I found grade 10 quite engaging. Of course, being a mandatory class, some students didn’t really want to be there. However most seemed to enjoy the more relaxed atmosphere and opportunity to stretch creativity and skill. Since I’m teaching the single course, I’m struggling with which lessons I still want to complete. And also the timeline. Because last year seemed to crawl. Of course it was a play year and the holidays also disrupted my once a week class. This year I’m hoping for more sessions and more productivity. And I will have two separate days per week instead of a double class so if a student misses one class, she won’t miss the entire week. Whew!

One goal is to improve differentiation. I consider myself a partial-choice educator (I believe there’s more in a previous blog post (I will have to add more categories); but, basically, it means that I offer them choices in material, subject, and methods, whenever I can. Occasionally, I offer total choice. I also discourage cookie-cutter results. There are always some students who want to reproduce a Pinterest project, but that’s discouraged. Or at least I encourage them to take it to the next step or decide how to make it their own and original.

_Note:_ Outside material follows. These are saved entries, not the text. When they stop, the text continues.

(* For a basis B, the basic solution is the unique supported solution. *)
Definition is_basic_solution (n d : nat) (A : 'M[R]_(n, d)) (b : 'cV[R]_n)
    (B : {set 'I_d}) (x : 'cV[R]_d) : Prop :=
  is_basis A B /\ supported_solution A b B x.

Definition feasible_basis (n d : nat) (A : 'M[R]_(n, d)) (b : 'cV[R]_n)
    (B : {set 'I_d}) : Prop :=
  is_basis A B /\
  forall x, is_basic_solution A b B x -> forall j, 0 <= x j 0.

Definition nondegenerate_basis (n d : nat) (A : 'M[R]_(n, d)) (b : 'cV[R]_n)
    (B : {set 'I_d}) : Prop :=
  forall x, is_basic_solution A b B x -> forall j, (x j 0 != 0) = (j \in B).

Definition classical_nondegenerate (n d : nat) (A : 'M[R]_(n, d))
    (b : 'cV[R]_n) : Prop :=
  forall B, feasible_basis A b B -> nondegenerate_basis A b B.

(* T = R u {-oo}: None stands for -oo *)
Definition tropT := option R.

(* b - a in R u {-oo, +oo}, with the convention -oo - (-oo) = +oo *)
Definition tdiff (b a : tropT) : \bar R :=
  match b, a with
  | Some x, Some y => (x - y)%:E
  | Some _, None => +oo%E
  | None, Some _ => -oo%E
  | None, None => +oo%E
  end.

Definition trop_basis_witness (n d : nat) (At : 'M[tropT]_(n, d))
    (bt : 'cV[tropT]_n) (B : {set 'I_d}) (phi : 'I_n -> 'I_d) : Prop :=
  [/\ injective phi, phi @: setT = B &
      forall i k, (tdiff (bt i 0%R) (At i (phi i)) <= tdiff (bt k 0%R) (At k (phi i)))%E].

Definition trop_basis (n d : nat) (At : 'M[tropT]_(n, d)) (bt : 'cV[tropT]_n)
    (B : {set 'I_d}) : Prop :=
  #|B| = n /\ exists phi, trop_basis_witness At bt B phi.

Definition trop_nondegenerate_basis (n d : nat) (At : 'M[tropT]_(n, d))
    (bt : 'cV[tropT]_n) (B : {set 'I_d}) : Prop :=
  forall phi, trop_basis_witness At bt B phi ->
  forall i, tdiff (bt i 0%R) (At i (phi i)) \is a fin_num /\
    forall k, k != i ->
      (tdiff (bt i 0%R) (At i (phi i)) < tdiff (bt k 0%R) (At k (phi i)))%E.

Definition tropical_nondegenerate (n d : nat) (At : 'M[tropT]_(n, d))
    (bt : 'cV[tropT]_n) : Prop :=
  forall B, trop_basis At bt B -> trop_nondegenerate_basis At bt B.

Definition col_max (n d : nat) (A : 'M[R]_(n, d)) (b : 'cV[R]_n) (j : 'I_d) : R :=
  \big[Num.max/0]_(i < n) (A i j / b i 0).

(* (diag b)^-1 A (diag u)^-1 *)
Definition normalized (n d : nat) (A : 'M[R]_(n, d)) (b : 'cV[R]_n) : 'M[R]_(n, d) :=
  \matrix_(i, j) (A i j / (b i 0 * col_max A b j)).

Definition covers_perm (n d : nat) (M : 'M[R]_(n, d)) (f : 'I_n -> 'I_d)
    (s : 'S_n) : Prop :=
  forall i k, (perm_mx s : 'M[R]_n) i k <= colsub f M i k.

Definition dominance (n d : nat) (A : 'M[R]_(n, d)) (b : 'cV[R]_n) : Prop :=
  let M := normalized A b in
  (exists (f : 'I_n -> 'I_d) (s : 'S_n), injective f /\ covers_perm M f s) /\
  (forall (f : 'I_n -> 'I_d) (s : 'S_n), injective f -> covers_perm M f s ->
     forall i, \sum_(k < n) colsub f M i k < 2).

Definition cratio (b a : R) : \bar R := if a == 0 then +oo%E else (b / a)%:E.

End Defs.

From HB Require Import structures.
From mathcomp Require Import all_boot all_order all_algebra all_fingroup.
From mathcomp Require Import reals constructive_ereal.
From mathcomp Require Import lra.
Import Order.TTheory GRing.Theory Num.Theory.
Local Open Scope ring_scope.
Set Implicit Arguments. Unset Strict Implicit.

(* Let M = diag(b)^-1 A diag(u)^-1 be the normalized matrix. Row i minimizes
   b_i / A_ij exactly when M_ij = 1, so by hypothesis the tropical bases are
   the sets phi([n]) with phi injective and M_{i,phi(i)} = 1 for all i.
   The dominance condition forces every column of M to contain a single 1, and
   makes each such square submatrix strictly diagonally dominant with unit
   diagonal: it is invertible, and the rescaled basic solution, which solves
   N z = 1, is positive, so these sets are nondegenerate feasible bases.
   Conversely, a feasible basis whose columns miss the 1 of some row i0 yields,
   after exchanging columns, a covered submatrix whose row i0 sums to at least 2. *)

Lemma sum_supported_image (V : nmodType) (I J : finType) (f : I -> J) (F : J -> V) :
  injective f -> (forall j, j \notin f @: setT -> F j = 0) ->
  \sum_j F j = \sum_i F (f i).
Proof.
move=> f_inj F0; rewrite (bigID (mem (f @: setT))) /= [X in _ + X]big1 ?addr0//.
rewrite big_imset /=; last by move=> ? ? _ _; apply: f_inj.
by apply: eq_bigl => i; rewrite in_setT.
Qed.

I’ve been engaging in quite a lot of PD in the summer 2019. The Art of Education conference and STEAM Conference were both held online. Teach with Tech was a 3-day online event, too. I also attended MakerEd, in person. As well as other webinars, videos and sites. One site that I decided to join (in addition to the ArtofEducation.edu) is Sarah Crowther’s https://theartyteacher.com. Last year I won a set of Hundertwasser stamps from her and had intended to introduce students to one of my favourite artists – definitely going to happen this year! I may even bring in my poster that advertised an art show in Israel, with Hebrew text. I can see extending a history lesson with either painting or constructing a cityscape.

Now, back to differentiation. After reading a post by Sarah Crowther, and based on my own studies of Special Education (I have two additional qualifications), I realize that I could combine choice and differentiation to suit the needs of diverse students. I’ve already done some good work, taking into account student interests and designing new units to suit what they want to explore. I sometimes offer an alternate method and materials for students who need it – for example, some students can’t hold scratch art tools or are so sensitive that they are bothered by the sound, so I allow them to work with Sharpie, to achieve tones using different marks. What I do need to do more of is chunk lessons, have more regular conversations and written reflections, to keep everyone on track. 

I like Sarah’s suggestion of having on hand more challenging tasks for those who already have the aptitude. Don’t give easier tasks to students, so as not to embarrass them, but challenge. Also offer extra, optional tasks from a menu that ties in to the current unit. Include “a wide variety of practical and more research-based basks so that it appeals to a broad range of students.” (https://theartyteacher.com/what-is-differentiation-in-art) She also suggests getting students to suggest tasks. 

Sarah suggests having students revisit feedback on assignments so that they will respond to your suggestions. So at the beginning of a new project, I can ask students to keep in mind previous feedback and in the final reflection for the current one, describe how they have upped their game based on what you suggested.

​I’ll have more goals based on my summer PD in another post.